(* Assume there is $\xi>0$ such that $\|\mathbf{n}\cdot\nabla|\phi(\theta)\rangle\|_2\le\xi$ for all $\theta\in\mathbb{R}^K$ and all unit vectors $\mathbf{n}\in\mathbb{R}^K$. Suppose the guiding function $\alpha$ is parameterised by a rectifier neural network with one hidden layer of $L\ge 2K$ neurons, with $W(A)=e^{-A}$ and prior guiding function $F(\theta)=1$. Then for every $\theta\in\mathbb{R}^K$ and every $x<1$, $$\inf_{|\widetilde\psi(\lambda)\rangle\in\mathcal{V}_x}\big\||\widetilde\psi(\lambda)\rangle-|\phi(\theta)\rangle\big\|_2=0 .$$
   Context: Fix $n$ qubits, $\mathcal{H}=(\mathbb{C}^2)^{\otimes n}$, and a parameterised circuit with normalised states $|\phi(\theta)\rangle=U(\theta)|0\rangle^{\otimes n}$, $U(\theta)$ unitary, defined and differentiable for all $\theta\in\Theta=\mathbb{R}^K$; $\|\cdot\|_2$ is the Euclidean norm on $\mathcal{H}$. Rectifier network: with $\mathrm{ReLU}(z)=\max\{0,z\}$ applied componentwise, for input $\theta\in\mathbb{R}^K$ set $h=\mathrm{ReLU}(w\theta+b)\in\mathbb{R}^L$, $A=w_A\cdot h+b_A$, $B=w_B\cdot h+b_B$, where $w\in\mathbb{R}^{L\times K}$, $b,w_A,w_B\in\mathbb{R}^L$, $b_A,b_B\in\mathbb{R}$; $\lambda=(w,b,w_A,b_A,w_B,b_B)\in\Lambda=\mathbb{R}^{KL+3L+2}$. The guiding function is $\alpha(\theta;\lambda)=W(A)e^{iB}F(\theta)$ with a non-negative function $W$ and a prior guiding function $F$. Variational state: for $\lambda$ with $C(\lambda)=\int|\alpha(\theta;\lambda)|d\theta$ finite and positive, $|\psi(\lambda)\rangle=C(\lambda)^{-1}\int\alpha(\theta;\lambda)|\phi(\theta)\rangle\,d\theta$, $\langle \mathbb{1}\rangle(\lambda)=\langle\psi(\lambda)|\psi(\lambda)\rangle$, and $|\widetilde\psi(\lambda)\rangle=|\psi(\lambda)\rangle/\sqrt{\langle \mathbb{1}\rangle(\lambda)}$. For a real $x$, $\mathcal{V}_x=\{|\widetilde\psi(\lambda)\rangle:\lambda\in\Lambda,\ \langle \mathbb{1}\rangle(\lambda)\ge x\}$. *)

From HB Require Import structures.
From mathcomp Require Import all_boot all_order all_algebra.
From mathcomp Require Import all_classical all_reals all_analysis.
From mathcomp Require Import complex.
Set Implicit Arguments. Unset Strict Implicit. Unset Printing Implicit Defensive.
Import Order.TTheory GRing.Theory Num.Theory.
Import numFieldNormedType.Exports.
Local Open Scope classical_set_scope.
Local Open Scope ring_scope.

### EXERCISE REQUIREMENTS
Return every line from the one holding "Local Open Scope classical_set_scope." through the end of the data, exactly as it appears, with both ends kept and nothing else.

### RESPONSE TO THE TASK
Local Open Scope classical_set_scope.
Local Open Scope ring_scope.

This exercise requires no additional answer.